I must say that there seems much to be said for that suggestion. Leaving aside the technicalities of the law, many people would regard occupation of a holday chalet as being more of a consumer transaction, even though a large capital sum is involved, than something like a tenancy of a permanent home. An apposite analogy—the hon. Gentleman mentioned the car owner—would be with the car owner who has invested a lot of capital in a good-quality car which he might expect to use for many years. If the manufacturers' agents refused to carry out servicing or to supply spare parts except on very onerous terms, he would be faced with the same dilemma as that which faces the occupants of the chalets to which the hon. Member referred. Everyone would, I think, agree that it would be a proper object of consumer protection legislation to try to bring the agents and the manufacturers to behave more reasonably.

The difficulty, as I have already explained, is that, under the law as it stands, consumer protection legislation does not extend to rents, leases, or tenancies of land, and these are outside the scope of the Fair Trading Act 1973 or of the Price Code, and it would require legislation to bring them in.

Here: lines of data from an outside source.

(* Assume Assumption 1. Assume there is a constant $L>0$ such that for every $T^Y_0\in\mathbb{T}^Y_0$ and all $(x_1,y_1),(x_2,y_2)\in\mathcal{X}_T\times\mathcal{Y}_S$, $$\|T^Y_0(x_1,y_1)-T^Y_0(x_2,y_2)\|_{\mathcal{Y}_T}\le L\big(\|x_1-x_2\|_{\mathcal{X}_T}+\|y_1-y_2\|_{\mathcal{Y}_S}\big).$$ Assume also there are $L'>0$ and $p\ge1$ such that the output transport risk satisfies $$|\mathcal{E}^O(h_1)-\mathcal{E}^O(h_2)|\le L'\,\mathcal{W}_p\big(h_1\#Law(X_T),h_2\#Law(X_T)\big)^p$$ for all intermediate models $h_1,h_2$ (arising from any pretrained models in $A_S$). Then for every fixed $\mu\in\mathcal{P}(\mathcal{X}_S)$, the map $f\mapsto\mathcal{C}(\mu,f)$ is continuous on $(A_S,d_M)$.
   Context: Transfer learning framework. A source task $S$ consists of an input space $\mathcal{X}_S$ and output space $\mathcal{Y}_S$ (finite-dimensional normed spaces), a random pair $(X_S,Y_S)$, a set $A_S$ of admissible models $f:\mathcal{X}_S\to\mathcal{Y}_S$ and a pretrained model $f_S^*\in A_S$. A target task $T$ has analogous $\mathcal{X}_T,\mathcal{Y}_T,(X_T,Y_T),A_T$ and optimal target model $f_T^*$. Fixed sets $\mathbb{T}^X_0$ of maps $\mathcal{X}_T\to\mathcal{X}_S$ and $\mathbb{T}^Y_0$ of maps $\mathcal{X}_T\times\mathcal{Y}_S\to\mathcal{Y}_T$ are given. For $(T^X_0,T^Y_0)$ the intermediate model is $f_{ST}(x)=T^Y_0(x,f_S^*(T^X_0(x)))$; $\mathbb{P}_T=Law(f_T^*(X_T))$, $\mathbb{P}_{ST}=Law(f_{ST}(X_T))$. An output transport risk is $\mathcal{E}^O:A_T\to\mathbb{R}$ with $\mathcal{E}^O\ge0$ and $\mathcal{E}^O(f_{ST})=0$ iff $\mathbb{P}_{ST}=\mathbb{P}_T$. An input transport risk $\mathcal{E}^I$ satisfies $\mathcal{E}^I(T^X_0)\ge0$, with equality iff $T^X_0\#Law(X_T)=Law(X_S)$. The model-specific transfer risk is $\mathcal{C}(S,T\mid f_{ST})=C(\mathcal{E}^O(f_{ST}),\mathcal{E}^I(T^X_0))$, with $C:\mathbb{R}^2\to\mathbb{R}$, $C(0,0)=0$, $C\ge0$ on relevant values, non-decreasing in each argument, and $|C(a,b)-C(a',b')|\le L_C(|a-a'|+|b-b'|)$ for some $L_C>0$. The transfer risk is $\mathcal{C}(S,T)=\inf_{(T^X_0,T^Y_0)\in\mathbb{T}^X_0\times\mathbb{T}^Y_0}\mathcal{C}(S,T\mid f_{ST})$. With target and transport sets fixed, a source task is $S=(\mu,f)\in\mathcal{P}(\mathcal{X}_S)\times A_S$ ($\mu=Law(X_S)$, $f=f_S^*$) and $\mathcal{C}(\mu,f):=\mathcal{C}(S,T)$. Assumption 1: $D$ is a metric on $\mathcal{P}(\mathcal{X}_S)$ and $\mathcal{E}^I(T^X_0)=D(T^X_0\#Law(X_T),\mu)$. For a fixed constant $M>0$, $d_M(f_1,f_2):=\min\{M,\sup_{x\in\mathcal{X}_S}\|f_1(x)-f_2(x)\|_{\mathcal{Y}_S}\}$ on $A_S$. $\mathcal{W}_p$ is the $p$-Wasserstein distance on probability measures on $\mathcal{Y}_T$ with finite $p$-th moment: $\mathcal{W}_p(\nu_1,\nu_2)^p=\inf_{\gamma\in\Pi(\nu_1,\nu_2)}\int\|x-y\|^p_{\mathcal{Y}_T}\,d\gamma(x,y)$. *)

From HB Require Import structures.
From mathcomp Require Import all_boot all_order all_algebra.
From mathcomp Require Import all_classical all_reals all_analysis.
Set Implicit Arguments. Unset Strict Implicit. Unset Printing Implicit Defensive.
Import Order.TTheory GRing.Theory Num.Theory.
Import numFieldNormedType.Exports.
Local Open Scope classical_set_scope.
Local Open Scope ring_scope.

I am afraid that I can offer no promises about future legislation. Nevertheless, I can assure the hon. Gentleman and his constituents that Ministers in both the Department of the Environment and the Department of Prices and Consumer Protection will take note of what he has said today, and of the papers that he has sent to us, and that the Government will be watching what goes on and will be ready to consider the case for action if necessary.

The evidence about the practices of site operators that we have been collecting for the purposes of the mobile homes review, which includes monitoring of the working of the Mobile Homes Act, will no doubt help with the wider problem of other types of mixed tenures. The office of the Director General of Fair Trading is participating in the review, and he has also been looking at similar problems that have arisen with holiday caravan sites.

I cannot pretend that we yet have any final answers for mobile homes, holiday caravans or chalets, but I can give an assurance that if we do not find a solution it will not be for want of careful consideration of the facts and the issues involved.

I repeat that I am grateful to the hon. Member for Faversham for giving me this opportunity to outline our thinking about this distressing problem, and I hope that what I have said will be of some reassurance to his constituents. I say again that we shall read carefully the report of the debate this afternoon and see whether there is anything constructive that we can do to help.

Question put and agreed to.

Adjourned accordingly at twenty-one minutes past Four o'clock.